Erroneous claims by Republicans of tax increases on working families were completely discounted by economists and nonpartisan analysts.
A claim by Republican Senate hopeful Adam Laxalt in Nevada that lawmakers sought to raise taxes on those making as little as $30,000 a year was found to be false by Associated Press fact checkers.
And PolitiFact, a nonpartisan fact-checking organization, found Laxalt’s claim that the bill would raise taxes on millions of people across every income bracket to be “half true.”
When contacted Tuesday, the Laxalt campaign doubled down on his claims.
The legislation, Laxalt said in a statement, is “a reckless $700 billion package that will fuel the flames of inflation, give the IRS $80 billion to hire 87,000 new agents, raise taxes on Nevadans making as little as $30,000 per year, and direct billions of taxpayer dollars to subsidize electric vehicles.”
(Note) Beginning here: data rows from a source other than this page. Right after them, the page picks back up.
(* Let $(X,T)$ be a topological dynamical system such that $(X,T^j)$ is uniquely ergodic for every $j\ge1$, let $k\ge1$, and let $f\in C(X)$. Suppose that for every $\alpha\in\mathbb{R}$ and every $x\in X$, $$\lim_{N\to\infty}\sup_{P\in\mathbb{R}_{k-1}[t]}\left|\frac1N\sum_{n=0}^{N-1}e^{2\pi i(n^k\alpha+P(n))}f(T^nx)\right|=0.$$ Then for every $x\in X$, $$\lim_{N\to\infty}\sup_{P\in\mathbb{R}_{k}[t]}\left|\frac1N\sum_{n=0}^{N-1}e^{2\pi iP(n)}f(T^nx)\right|=0.$$
   Context: A topological dynamical system is a compact metric space $X$ with a continuous map $T:X\to X$. $\mathbb{R}_j[t]$ denotes real polynomials of degree at most $j$ ($\mathbb{R}_0[t]$ = real constants). *)

From Stdlib Require Export Reals.
Open Scope R_scope.

Definition is_metric {X : Type} (d : X -> X -> R) : Prop :=
  (forall x y, 0 <= d x y) /\
  (forall x y, d x y = 0 <-> x = y) /\
  (forall x y, d x y = d y x) /\
  (forall x y z, d x z <= d x y + d y z).

Definition seq_converges {X : Type} (d : X -> X -> R) (u : nat -> X) (l : X) : Prop :=
  forall eps, eps > 0 -> exists N, forall n, (n >= N)%nat -> d (u n) l < eps.

(* Compactness of a metric space (= sequential compactness for metric spaces). *)
Definition metric_compact {X : Type} (d : X -> X -> R) : Prop :=
  forall u : nat -> X, exists (phi : nat -> nat) (l : X),
    (forall n, (phi n < phi (S n))%nat) /\ seq_converges d (fun n => u (phi n)) l.

Definition continuous_map {X : Type} (d : X -> X -> R) (T : X -> X) : Prop :=
  forall x eps, eps > 0 -> exists delta, delta > 0 /\
    forall y, d x y < delta -> d (T x) (T y) < eps.

Definition continuous_fun {X : Type} (d : X -> X -> R) (f : X -> R) : Prop :=
  forall x eps, eps > 0 -> exists delta, delta > 0 /\
    forall y, d x y < delta -> Rabs (f x - f y) < eps.

Definition tds {X : Type} (d : X -> X -> R) (T : X -> X) : Prop :=
  is_metric d /\ metric_compact d /\ continuous_map d T.

Fixpoint iter_map {X : Type} (n : nat) (T : X -> X) (x : X) : X :=
  match n with O => x | S m => T (iter_map m T x) end.

(* ---------- Invariant measures via Riesz representation ----------
   A Borel probability measure on a compact metric space X is the same as a
   positive linear functional L on C(X) with L(1) = 1.  L is given as a
   function on all of X -> R, but only its values on continuous functions
   are constrained / compared. *)
Definition invariant_state {X : Type} (d : X -> X -> R) (T : X -> X)
    (L : (X -> R) -> R) : Prop :=
  (forall f g a b, continuous_fun d f -> continuous_fun d g ->
     L (fun x => a * f x + b * g x) = a * L f + b * L g) /\
  (forall f, continuous_fun d f -> (forall x, 0 <= f x) -> 0 <= L f) /\
  L (fun _ => 1) = 1 /\
  (forall f, continuous_fun d f -> L (fun x => f (T x)) = L f).

Definition uniquely_ergodic {X : Type} (d : X -> X -> R) (T : X -> X) : Prop :=
  (exists L, invariant_state d T L) /\
  (forall L1 L2, invariant_state d T L1 -> invariant_state d T L2 ->
     forall f, continuous_fun d f -> L1 f = L2 f).

(* P(t) = sum_{j < m} c j * t^j, i.e. an element of R_{m-1}[t]. *)
Fixpoint poly_eval (c : nat -> R) (m : nat) (t : R) : R :=
  match m with O => 0 | S j => poly_eval c j t + c j * t ^ j end.

(* Real and imaginary parts of sum_{n<N} e^{2 pi i theta(n)} (fr + i fi)(T^n x) *)
Fixpoint expsum_re {X : Type} (theta : nat -> R) (fr fi : X -> R) (T : X -> X)
    (x : X) (N : nat) : R :=
  match N with
  | O => 0
  | S n => expsum_re theta fr fi T x n
           + (cos (2 * PI * theta n) * fr (iter_map n T x)
              - sin (2 * PI * theta n) * fi (iter_map n T x))
  end.

Fixpoint expsum_im {X : Type} (theta : nat -> R) (fr fi : X -> R) (T : X -> X)
    (x : X) (N : nat) : R :=
  match N with
  | O => 0
  | S n => expsum_im theta fr fi T x n
           + (sin (2 * PI * theta n) * fr (iter_map n T x)
              + cos (2 * PI * theta n) * fi (iter_map n T x))
  end.

Definition avg_abs {X : Type} (theta : nat -> R) (fr fi : X -> R) (T : X -> X)
    (x : X) (N : nat) : R :=
  sqrt (expsum_re theta fr fi T x N ^ 2 + expsum_im theta fr fi T x N ^ 2) / INR N.

(* Fix alpha. By hypothesis the continuous functions
     g_M(y) = sup_(P in R_(k-1)[t]) |1/M sum_(h<M) e(h^k alpha + P(h)) f(T^h y)|
   tend to 0 pointwise, so (Daniell's argument: dominated convergence for the positive
   functional given by the unique invariant measure) some g_M has integral < eps.
   Cut the orbit of x into windows of length M. On each window a phase P of degree k whose
   leading coefficient is within delta of alpha modulo 1 is h^k alpha plus a polynomial of
   degree < k, up to an error O(delta M^k); hence the average is at most the Birkhoff
   average of g_M plus small errors, and unique ergodicity bounds the limsup of that
   Birkhoff average by the integral of g_M at every point x. Compactness of [0, 1] makes
   the bound uniform in the leading coefficient. *)

From Stdlib Require Import Lra Lia Classical ClassicalEpsilon FunctionalExtensionality.
From mathcomp Require ssreflect boolp classical_sets filter.
From Coquelicot Require Import Complex Rcomplements.
Open Scope R_scope.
Horsford, a member of the tax-writing House Ways and Means Committee, noted that the 15 percent corporate minimum tax would apply to multinational corporations. Horsford said the tax is closing a loophole for corporations with revenue income over $1 billion per year, but have failed to pay taxes that firefighters, teachers and hospitality workers pay each year.
And he dismissed claims that the corporate minimum tax would have an impact in Nevada.
“We will be hard pressed to find Nevada businesses with income over a billion dollars a year who are not effectively paying their federal tax,” Horsford told reporters.